SAN DIEGO—Experts on human rights in China and victims of human rights abuses at the hands of the Chinese regime gathered on Wednesday, May 11, to discuss the practice of organ harvesting in China.
The event, titled “Human Organ Harvesting: Is China’s government killing Falun Gong and other prisoners of conscience for their organs?” was held at the Peace & Justice Theatre at the Joan B. Kroc Institute for Peace & Justice at University of San Diego (USD), and well attended by some 140 people. Two featured speakers were David Matas, an international human rights lawyer, and the Hon. David Kilgour, former Canadian MP, Queen’s barrister, and former head secretary of state, Asia-Pacific.
Jointly, Kilgour and Matas have been gleaning information on the subject of Chinese organ harvesting since being approached by several Falun Gong practitioners in 2006. Kilgour mentioned that 41,500 organ donors are unaccounted for in the calculations of the number of organs and donors provided by the Chinese Communist Party for the years 2000-2006. They conclude the most likely source for these organs is detained Falun Gong practitioners.

Falun Gong is a spiritual practice that has been brutally persecuted in China since 1999. The regime’s oppression was long known to include torture to the point of death, bankrupting practitioners, and setting Chinese society against adherents through extensive propaganda campaigns. But when allegations of organ harvesting emerged in March 2006, the world was exposed to a “new kind of evil,” said Matas upon releasing the first version of their report on the subject in July 2006.
By tradition, Chinese do not donate organs, and the regime had no donation program in place until recently. Executed prisoners are one admitted source of organs, but the health of the donor, who could have been a drug addict, HIV infected, etc., is in question. However, the figure of 41,500 unknown donors already takes into account the number of organs that could be sourced from executed criminals.
Organs, especially from around the years 2000 to 2006, before the organ extraction practice was revealed, were much more readily available in China than anywhere else in the world. A kidney may be available in as little as two weeks, or a liver in a month, meaning there would have to be a large pool of organ donors to support such a quick supply.

In their investigations, Kilgour and Matas made use of several recordings of Chinese doctors representing people needing organ transplants, who would make calls to hospitals in China and ask about the availability and quality of organs for their patients. These calls revealed, among other things, that hospitals claimed they were able to get organs from Falun Gong practitioners or were no longer able to, but once did.
Kilgour mentioned several key players in the human rights causes in China and how the regime has silenced, by torture and other tactics, these rights defenders.
Gao Zhisheng, called “the conscience of China”, has faced severe torture for standing up for the rights of Falun Gong practitioners. His legal practice was destroyed after writing three open letters to the highest levels of the Chinese regime, and after not relenting, he has been in and out of captivity, where he suffered severe torture. His current location is unknown, as is his health. His wife and two children fled out of fear to the United States.
Six years ago, an American teacher, Darren Russell of California, was killed in southern China.
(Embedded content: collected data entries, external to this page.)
Lemma alice_move d : safe d -> safe_wins_below (num_uncolored d) -> alice_wins_A E d.
Proof.
move=> sd IH; have nb := safe_not_bob_won sd; have [cen _] := sd.
case: (pickP [pred v | (v \in centers) && (d v == None)]) => [v /andP[vC /eqP dv] | noC].
  apply: (alice_colors (a := ord0) nb IH dv (center_high vC)).
    by apply/forallP=> y; apply/implyP=> Evy; rewrite (cen v vC dv y Evy).
  by apply: safe_upd_parent_colored => // w _; rewrite center_orphan.
case: (pickP [pred w | high w && (d w == None)]) => [w /andP[hw /eqP dw] | noW]; last first.
  by apply: wA_done => // v hv dv; move: (noW v); rewrite /= /high hv dv eqxx.
have [a leg] : exists a, legal E d w a.
  by apply: legal_of_card_nbr_colors; have := safe_card_nbr_colors sd hw dw; lia.
apply: (alice_colors nb IH dw hw leg); apply: safe_upd_parent_colored => // u Euw pwu.
have wC : w \notin centers by apply/negP=> wC; move: (noC w); rewrite /= wC dw.
have uC : u \in centers.
  by move: (centers_cover Euw (parent_high pwu) hw); rewrite (negbTE wC) orbF.
by rewrite updE; case: (u =P w) => // _; move: (noC u); rewrite /= uC => /negbT.
Qed.

Lemma alice_reply_parent d x a w : safe d -> d x = None -> parent x = Some w ->
  d w = None -> w != x -> (forall u, E u w -> parent w = Some u -> d u != None) ->
  safe_wins_below (num_uncolored (upd d x a)) -> alice_wins_A E (upd d x a).
Proof.
move=> sd dx pxw dw wx parentColored IH.
have [b leg] := safe_legal_upd x a sd (parent_high pxw) dw.
have d1w : upd d x a w = None by rewrite updE (negbTE wx).
apply: (alice_colors (safe_not_bob_won_upd sd) IH d1w (parent_high pxw) leg).
apply: safe_ext (upd_comm d b a wx) _.
have sw : safe (upd d w b).
  apply: safe_upd_parent_colored => // u Euw pwu.
  by rewrite updE; case: (u =P w) => // _; apply: parentColored.
apply: safe_upd_parent_colored => //; first by rewrite updE eq_sym (negbTE wx).
by move=> w' _; rewrite pxw => -[<-]; rewrite !updE eqxx; case: (w =P x).
Qed.

Lemma alice_reply_center d x a w u : safe d -> d x = None -> parent x = Some w ->
  d w = None -> E u w -> parent w = Some u -> d u = None ->
  safe_wins_below (num_uncolored (upd d x a)) -> alice_wins_A E (upd d x a).
Proof.
move=> sd dx pxw dw Euw pwu du IH; have [cen dan] := sd.
have wC : w \notin centers by apply/negP=> /center_orphan; rewrite pwu.
have uC : u \in centers.
  by move: (centers_cover Euw (parent_high pwu) (parent_high pxw)); rewrite (negbTE wC) orbF.
have ux : u != x by apply/eqP=> ux; move: (center_orphan uC); rewrite ux pxw.
have d1u : upd d x a u = None by rewrite updE (negbTE ux).
have leg : legal E (upd d x a) u a.
  apply/forallP=> y; apply/implyP=> Euy; rewrite updE; case: (y =P x) => [yx|_].
    by move: (parent_center_nbr uC Euy); rewrite yx pxw => -[wu]; rewrite wu uC in wC.
  by rewrite (cen u uC du y Euy).
apply: (alice_colors (safe_not_bob_won_upd sd) IH d1u (center_high uC) leg).
apply: safe_ext (upd_comm d a a ux) _.
have su : safe (upd d u a) by apply: safe_upd_parent_colored => // v _; rewrite center_orphan.
apply: safe_upd => //; first by rewrite updE eq_sym (negbTE ux).
move=> w' _; rewrite pxw => -[<-] _; rewrite wC /=.
apply: danger_upd_twin (dan w (parent_high pxw) wC dw) _.
by rewrite inE E_sym Euw du center_orphan.
Qed.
Chinese police said he died as a result of a truck-pedestrian accident. His mother, Maxine Russell, was present at Wednesday’s event and provided her story. She told how the Chinese authorities would not cooperate. She finally was able to have his body exhumed and returned to the United States. After an autopsy, it was determined he died of a blow to the head. No one has been held responsible for the death.
Another speaker at the event was a Chinese woman named Ms. Li, telling her story through a translator about her family being held in labor camps and the atrocities and brainwashing that were taking place there. Victims of these atrocities seldom dare to go public in this form.
Reactions
Steve Gelb, Ph.D., a professor and associate dean in the School of Leadership and Education Sciences at USD, was one of the attendees at the event.

“I think this is very important information that everyone in the United States should be aware of, and I wish that the world would respond to this the way it used to respond to South Africa, in which there were boycotts and people wouldn’t go there and wouldn’t buy things,” said Gelb.
Gelb said that he thought the United States should have some concern over the matter. “I think we have to worry about it because our relationship with [China] is very important, obviously, financially and politically. So we have been tolerating this, some horrible, horrible things that would not be tolerated by some other governments, right? So it seems like that’s not the human rights standard,” he said.
“When you get upset about it in one place, or in this case, which is maybe now one of the worst—if not the worst—governments in the world, how can we turn our back and say it’s not our business? Especially since we’re doing so much business with them,” he continued.
Also in the audience was Diane Brockington, the executive director of The John Brockington Foundation, an organization dedicated to promoting and supporting organ donation.
“It seems to me so horrifying, so obvious, so well-documented, it’s hard to believe we aren’t immediately halting imports of Chinese products,” said Brockington.
She was also concerned about how these organ transplants that take place in China affect those on organ waitlists in the United States.
“There should be some serious sanctions against Americans who participate in transplant tourism. When they come back and those organs fail, which they often do, those people should not be put back on the list—the transplant list. Medicare should not pay for all of their medical needs after those organs fail,” she said.